In conflict of laws, the choice of law rules for tort are intended to select the lex causae by which to determine the nature and scope of the judicial remedy to claim damages for loss or damage suffered.

==History==
The first attempts to establish a coherent choice of law rule for tort cases involving a foreign law element varied between favouring the lex fori (i.e. the law of the court) and the lex loci delicti commissi (i.e. the law of the place where the tort was committed). The public policy of territorial sovereignty was always the principal consideration. Hence, the forum courts claimed their right to apply their laws to determine whether any lawsuit initiated in their jurisdiction allowed a remedy. Equally, it is the commission of a tort that vests a right of action in a claimant and therefore, it should always be for the law of the place where that right was created to determine the extent of any remedy flowing from it. In the end, a compromise emerged where the lex loci delicti was the first point of reference but courts retained a discretion to substitute the lex fori if the foreign law was deemed unfair and other practical considerations pointed to the application of forum law.

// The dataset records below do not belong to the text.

Fixpoint eval (w : interp) (f : form) : bool :=
  match f with
  | FVar p => w p
  | FTop => true
  | FBot => false
  | FNeg g => ~~ eval w g
  | FAnd g h => eval w g && eval w h
  | FOr g h => eval w g || eval w h
  | FImp g h => eval w g ==> eval w h
  end.

Definition models (f : form) : {set interp} := [set w | eval w f].

(* f |- g  (semantic consequence, = classical derivability) *)
Definition entails (f g : form) : bool := models f \subset models g.
Definition fequiv (f g : form) : Prop := models f = models g.
Definition consistent (f : form) : bool := ~~ entails f FBot.
Definition bigAnd (s : seq form) : form := foldr FAnd FTop s.
End Logic.

Definition epistemic_space (P : finType) (E : Type) (B : E -> form P) : Prop :=
  [/\ inhabited E,
      (forall e : E, consistent (B e)) &
      (forall phi : form P, consistent phi -> exists e : E, fequiv (B e) phi)].

Definition well_order (S : Type) (lt : S -> S -> Prop) : Prop :=
  [/\ well_founded lt,
      (forall x y z, lt x y -> lt y z -> lt x z) &
      (forall x y, lt x y \/ x = y \/ lt y x)].

(* A society: a nonempty finite set of agents, represented canonically as
   its strictly increasing enumeration i_1 < ... < i_n. *)
Record society (S : Type) (lt : S -> S -> Prop) := Society {
  agents : seq S;
  agents_sorted : Sorted lt agents;
  agents_nonempty : agents <> [::] }.

Lemma cons_neq_nil (T : Type) (x : T) (l : seq T) : x :: l <> [::].
Proof. by []. Qed.

Definition single_soc (S : Type) (lt : S -> S -> Prop) (i : S) : society lt :=
  @Society S lt [:: i] (Sorted_cons (Sorted_nil lt) (HdRel_nil lt i))
           (@cons_neq_nil S i [::]).

(* An N-profile Phi : N -> E, where the agent at position k (in increasing
   order) of N is [agent_at k] and its epistemic state is [Phi k]. *)
Definition profile (S : Type) (lt : S -> S -> Prop) (E : Type)
  (N : society lt) : Type := 'I_(size (agents N)) -> E.

Definition agent_at (S : Type) (lt : S -> S -> Prop) (N : society lt)
  (k : 'I_(size (agents N))) : S := tnth (in_tuple (agents N)) k.

(* A fusion operator maps an N-profile (for any society N) and an
   epistemic state (the integrity constraint) to an epistemic state. *)
Definition fusion_op (S : Type) (lt : S -> S -> Prop) (E : Type) : Type :=
  forall N : society lt, profile E N -> E -> E.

In the U.S., see the New York decision in Babcock v. Jackson, 191 N.E.2d 279 (N.Y. 1963) for a discussion of the issues. This led to a debate in which state interests, rather than strict territorial connections, were suggested as the basis of a new test. In 1971, the American Law Institute produced the Second Conflicts Restatements and section 6 provides that the applicable law should be the one with the "most significant relationship" to the tort. In other common law states, a parallel movement occurred and resulted in the adoption of a proper law test. In substance, both forms are similar in their approach.

==Explanation==
The presumptive choice of law rule for tort is that the proper law applies. This refers to the law that has the greatest relevance to the issues involved. In public policy terms, this is usually the law of the place where the key elements of the "wrong" were performed or occurred (the lex loci delicti). So if A is a pedestrian injured by B's negligent driving, the law of the state in which the injury occurs would logically be applied because, in public policy terms, the citizens of that state have a clear interest in regulating the standard of driving on their roads. That either or both the parties might have domiciles outside that state would be irrelevant. But, if A buys a car from B in State X and drives it into State Y where A is injured by a defect in the car, the choice of law is not as evident: there is potential liability both for breach of contract and for negligent misstatement, deceit and failure to adequately maintain the vehicle prior to sale. There is no genuine connection either in fact or law with the law of State Y. It was pure chance that the injury occurred there. In fact, the law of State X is the lex loci contractus and the most appropriate law since everything relevant to the potential tortious liability occurred in that state which has the greatest interest in maintaining consumer confidence in the motor trade. Thus, no matter where A sues B, the forum court should apply the law of State X to resolve the various causes of action. For these purposes, the forum conveniens would be the State in which B has residence and/or holds assets. One of the key considerations in any conflict dispute is the enforceability of the resulting judgment. Courts are more willing to accept cases with a foreign law element when one of the parties is domiciled or has residence within their territorial jurisdiction, or has assets against which judgment can be levied.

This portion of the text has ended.